### TASK DIRECTIONS
Set down exactly, and only, the lines from the one with "Lemma packmx_congr2 (f" to the final line of the entries, both included.

Stored records

Segment Open

(* Let $V$ be a complex vector space of finite dimension $N$, let $(R,F)$ be a couple of compatible braidings on $V\otimes V$ with $F$ an involutive symmetry. Let $r(u,v)$ be either the braided rational $r$-matrix $r(u,v)=\frac{F}{u-v}$, or the braided trigonometric $r$-matrix $r(u,v)=\frac{F\,u}{u-v}-\frac{r}{2}$, where in the latter case $R=R(q)$ is a family of Hecke symmetries analytic in $q$ near $1$, compatible with $F$ for each $q$, with $R(1)=F$, and $r$ is defined by $R(q)F=I+h\,r+O(h^2)$, $q=e^h$. Then for any $N\times N$ matrix $A$ and any pairwise distinct positive integers $i,j,k$, $$ r_{\overline{ij}}(u,v)\,A_{\overline k}=A_{\overline k}\,r_{\overline{ij}}(u,v).$$
   Context: A braiding is an invertible $R\in\mathrm{End}(V\otimes V)$ with $(R\otimes I)(I\otimes R)(R\otimes I)=(I\otimes R)(R\otimes I)(I\otimes R)$; involutive symmetry: $R^2=I$; Hecke symmetry: $(R-qI)(R+q^{-1}I)=0$, $q\ne\pm1$. $X_{k,k+1}$ is $X$ acting on factors $k,k+1$ of $V^{\otimes n}$; $A_1=A\otimes I\otimes\cdots\otimes I$. Compatibility: $R_{12}F_{23}F_{12}=F_{23}F_{12}R_{23}$, $R_{23}F_{12}F_{23}=F_{12}F_{23}R_{12}$. Overlined indices: $A_{\overline 1}=A_1$, $A_{\overline{k+1}}=F_{k,k+1}A_{\overline k}F_{k,k+1}^{-1}$; for $X\in\mathrm{End}(V\otimes V)$ and $k<l$, $X_{\overline{kl}}=(F_{k-1,k}\cdots F_{12})(F_{l-1,l}\cdots F_{23})X_{12}(F_{23}^{-1}\cdots F_{l-1,l}^{-1})(F_{12}^{-1}\cdots F_{k-1,k}^{-1})$ and $X_{\overline{lk}}:=(FXF)_{\overline{kl}}$; for parameter-dependent $X(u,v)$ this is applied for fixed $(u,v)$. *)

(* V = C^N with C = R[i] the complex numbers over a
   real-closed complete archimedean field R : realType (i.e. R = the reals). *)
From HB Require Import structures.
From mathcomp Require Import all_boot all_order all_algebra.
From mathcomp Require Import complex mxtens.
From mathcomp Require Import reals sequences exp trigo.
Set Implicit Arguments. Unset Strict Implicit. Unset Printing Implicit Defensive.
Import Order.TTheory GRing.Theory Num.Theory.
Local Open Scope ring_scope.
Local Open Scope complex_scope.

Section Braided.
Variable R : realType.
Local Notation C := R[i].
Variable N : nat.
(* End(V) = 'M[C]_N, End(V (x) V) = 'M[C]_(N*N), End(V^{(x) n}) = 'M[C]_(N^n);
   tensor products of operators are Kronecker products (mxtens.tensmx, A *t B). *)

(* X_{k,k+1}: X acting on factors k,k+1 (1-based) of V^{(x) n}
   = I_{N^(k-1)} (x) X (x) I_{N^(n-k-1)}  (for 1 <= k < n; the dimensions
   then agree exactly, so conform_mx is the identity cast). *)
Definition op2 (n k : nat) (X : 'M[C]_(N * N)) : 'M[C]_(N ^ n) :=
  conform_mx 1%:M
    ((1%:M : 'M[C]_(N ^ k.-1)) *t X *t (1%:M : 'M[C]_(N ^ (n - k.+1)))).

Definition op1 (n : nat) (A : 'M[C]_N) : 'M[C]_(N ^ n) :=
  conform_mx 1%:M (A *t (1%:M : 'M[C]_(N ^ n.-1))).

Definition is_braiding (X : 'M[C]_(N * N)) : Prop :=
  X \in unitmx /\
  op2 3 1 X *m op2 3 2 X *m op2 3 1 X = op2 3 2 X *m op2 3 1 X *m op2 3 2 X.

Definition is_involutive (X : 'M[C]_(N * N)) : Prop := X *m X = 1%:M.

Definition is_hecke (q : C) (X : 'M[C]_(N * N)) : Prop :=
  is_braiding X /\ q != 1 /\ q != -1 /\
  (X - q%:M) *m (X + q^-1%:M) = 0.

Definition compatible (X F : 'M[C]_(N * N)) : Prop :=
  op2 3 1 X *m op2 3 2 F *m op2 3 1 F = op2 3 2 F *m op2 3 1 F *m op2 3 2 X /\
  op2 3 2 X *m op2 3 1 F *m op2 3 2 F = op2 3 1 F *m op2 3 2 F *m op2 3 1 X.

Section Overline.
Variables (n : nat) (F : 'M[C]_(N * N)).
Local Notation Fk k := (op2 n k F).

Fixpoint Pd (m : nat) : 'M[C]_(N ^ n) :=
  if m is m'.+1 then Fk m *m Pd m' else 1%:M.
Fixpoint Pdi (m : nat) : 'M[C]_(N ^ n) :=
  if m is m'.+1 then Pdi m' *m invmx (Fk m) else 1%:M.
Fixpoint Qd (m : nat) : 'M[C]_(N ^ n) :=
  if m is m'.+1 then Fk m.+1 *m Qd m' else 1%:M.
Fixpoint Qdi (m : nat) : 'M[C]_(N ^ n) :=
  if m is m'.+1 then Qdi m' *m invmx (Fk m.+1) else 1%:M.

(* Abar0 m = A_{\overline{m+1}} *)
Fixpoint Abar0 (A : 'M[C]_N) (m : nat) : 'M[C]_(N ^ n) :=
  if m is m'.+1 then Fk m *m Abar0 A m' *m invmx (Fk m) else op1 n A.

Definition Abar (A : 'M[C]_N) (k : nat) : 'M[C]_(N ^ n) := Abar0 A k.-1.

(* X_{\overline{kl}} for k < l:
   (F_{k-1,k}..F_{12})(F_{l-1,l}..F_{23}) X_{12} (F_{23}^{-1}..F_{l-1,l}^{-1})
   (F_{12}^{-1}..F_{k-1,k}^{-1}) *)
Definition Xbar_lt (X : 'M[C]_(N * N)) (k l : nat) : 'M[C]_(N ^ n) :=
  Pd k.-1 *m Qd l.-2 *m op2 n 1 X *m Qdi l.-2 *m Pdi k.-1.

Definition Xbar (X : 'M[C]_(N * N)) (k l : nat) : 'M[C]_(N ^ n) :=
  if (k < l)%N then Xbar_lt X k l else Xbar_lt (F *m X *m F) l k.
End Overline.

Definition rat_r (F : 'M[C]_(N * N)) (u v : C) : 'M[C]_(N * N) :=
  (u - v)^-1 *: F.

Definition trig_r (F r0 : 'M[C]_(N * N)) (u v : C) : 'M[C]_(N * N) :=
  (u / (u - v)) *: F - 2^-1 *: r0.

Definition expC (h : C) : C :=
  (expR (complex.Re h) * cos (complex.Im h)) +i* (expR (complex.Re h) * sin (complex.Im h)).

Definition analytic_near1 (Rq : C -> 'M[C]_(N * N)) (rho : C) : Prop :=
  exists c : nat -> 'M[C]_(N * N),
    forall q, `|q - 1| < rho -> forall a b, forall eps : C, 0 < eps ->
      exists K : nat, forall m, (K <= m)%N ->
        `|\sum_(s < m) c s a b * (q - 1) ^+ s - Rq q a b| < eps.

Definition trig_expansion (Rq : C -> 'M[C]_(N * N)) (F r0 : 'M[C]_(N * N)) : Prop :=
  exists M delta : C, 0 <= M /\ 0 < delta /\
    forall h : C, `|h| < delta -> forall a b,
      `|(Rq (expC h) *m F - 1%:M - h *: r0) a b| <= M * `|h| ^+ 2.

Definition trig_family (F : 'M[C]_(N * N)) (Rq : C -> 'M[C]_(N * N))
    (r0 : 'M[C]_(N * N)) : Prop :=
  exists rho : C, 0 < rho /\ analytic_near1 Rq rho /\
    (forall q, `|q - 1| < rho ->
       compatible (Rq q) F /\ (q != 1 -> q != -1 -> is_hecke q (Rq q))) /\
    Rq 1 = F /\ trig_expansion Rq F r0.

End Braided.

(* Write U := (F_{i-1,i} ... F_{12}) (F_{j-1,j} ... F_{23}) for i < j, so that
   X_{\overline{ij}} = U X_{12} U^{-1}.  Using the braid relation and F^2 = I,
   conjugation by U^{-1} sends A_{\overline k} (k <> i, j) to some A_{\overline a}
   with a >= 3.  It therefore suffices that X_{12} commutes with A_{\overline a}
   for a >= 3, and the X with this property form a unital subalgebra.  It contains
   every X compatible with F: the F_{k,k+1}, k >= 3, commute with X_{12}, and the
   two compatibility relations move X_{12} through F_{23} F_{12} A_1 F_{12} F_{23}.
   Hence it contains F, the rational r-matrix, the products F X F that define
   X_{\overline{ij}} for i > j, and every R(q) F.  Finally, since
   R(e^h) F = I + h r + O(h^2), a linear map vanishing on I and on every R(q) F
   with q near 1 sends h r to O(h^2), so it vanishes on r. *)

From Stdlib Require Eqdep_dec PeanoNat.
From HB Require Import structures.
From mathcomp Require Import all_boot all_order all_algebra.
From mathcomp Require Import complex mxtens.
From mathcomp Require Import reals sequences exp trigo.
From mathcomp Require Import zify ring lra.
Import Order.TTheory GRing.Theory Num.Theory.
Local Open Scope ring_scope.

Set Implicit Arguments. Unset Strict Implicit. Unset Printing Implicit Defensive.

(* Matrices of sizes that are equal only propositionally (such as those of
   (A *t B) *t D and A *t (B *t D)) are compared as dependent pairs. *)
Section Packing.
Variable T : Type.

Definition sqmx := {m : nat & 'M[T]_m}.
Definition packmx m (A : 'M[T]_m) : sqmx := existT _ m A.

Lemma packmx_inj m (A B : 'M[T]_m) : packmx A = packmx B -> A = B.
Proof. exact: Eqdep_dec.inj_pair2_eq_dec PeanoNat.Nat.eq_dec _ _ _ _. Qed.

Lemma packmx_size m m' (A : 'M[T]_m) (B : 'M[T]_m') : packmx A = packmx B -> m = m'.
Proof. by move/(f_equal (@projT1 _ _)). Qed.

Lemma packmx_castmx m m' (e : m = m') (A : 'M[T]_m) : packmx (castmx (e, e) A) = packmx A.
Proof. by case: m' / e; rewrite castmx_id. Qed.

Lemma packmx_conform m m' (B : 'M[T]_m') (A : 'M[T]_m) :
  m = m' -> packmx (conform_mx B A) = packmx A.
Proof. by move=> e; case: m' / e in B *; rewrite conform_mx_id. Qed.

Lemma packmx_congr1 (f : forall m, 'M[T]_m -> 'M[T]_m) m m'
    (A : 'M[T]_m) (A' : 'M[T]_m') :
  packmx A = packmx A' -> packmx (f _ A) = packmx (f _ A').
Proof.
move=> eA; have e := packmx_size eA; case: m' / e in A' eA *.
by rewrite (packmx_inj eA).
Qed.

Lemma packmx_congr2 (f : forall m, 'M[T]_m -> 'M[T]_m -> 'M[T]_m) m m'
    (A B : 'M[T]_m) (A' B' : 'M[T]_m') :
  packmx A = packmx A' -> packmx B = packmx B' -> packmx (f _ A B) = packmx (f _ A' B').
Proof.
move=> eA; have e := packmx_size eA; case: m' / e in A' B' eA *.
by rewrite (packmx_inj eA) => /packmx_inj ->.
Qed.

Segment Closed

### COMPLETED TASK
Lemma packmx_congr2 (f : forall m, 'M[T]_m -> 'M[T]_m -> 'M[T]_m) m m'
    (A B : 'M[T]_m) (A' B' : 'M[T]_m') :
  packmx A = packmx A' -> packmx B = packmx B' -> packmx (f _ A B) = packmx (f _ A' B').
Proof.
move=> eA; have e := packmx_size eA; case: m' / e in A' B' eA *.
by rewrite (packmx_inj eA) => /packmx_inj ->.
Qed.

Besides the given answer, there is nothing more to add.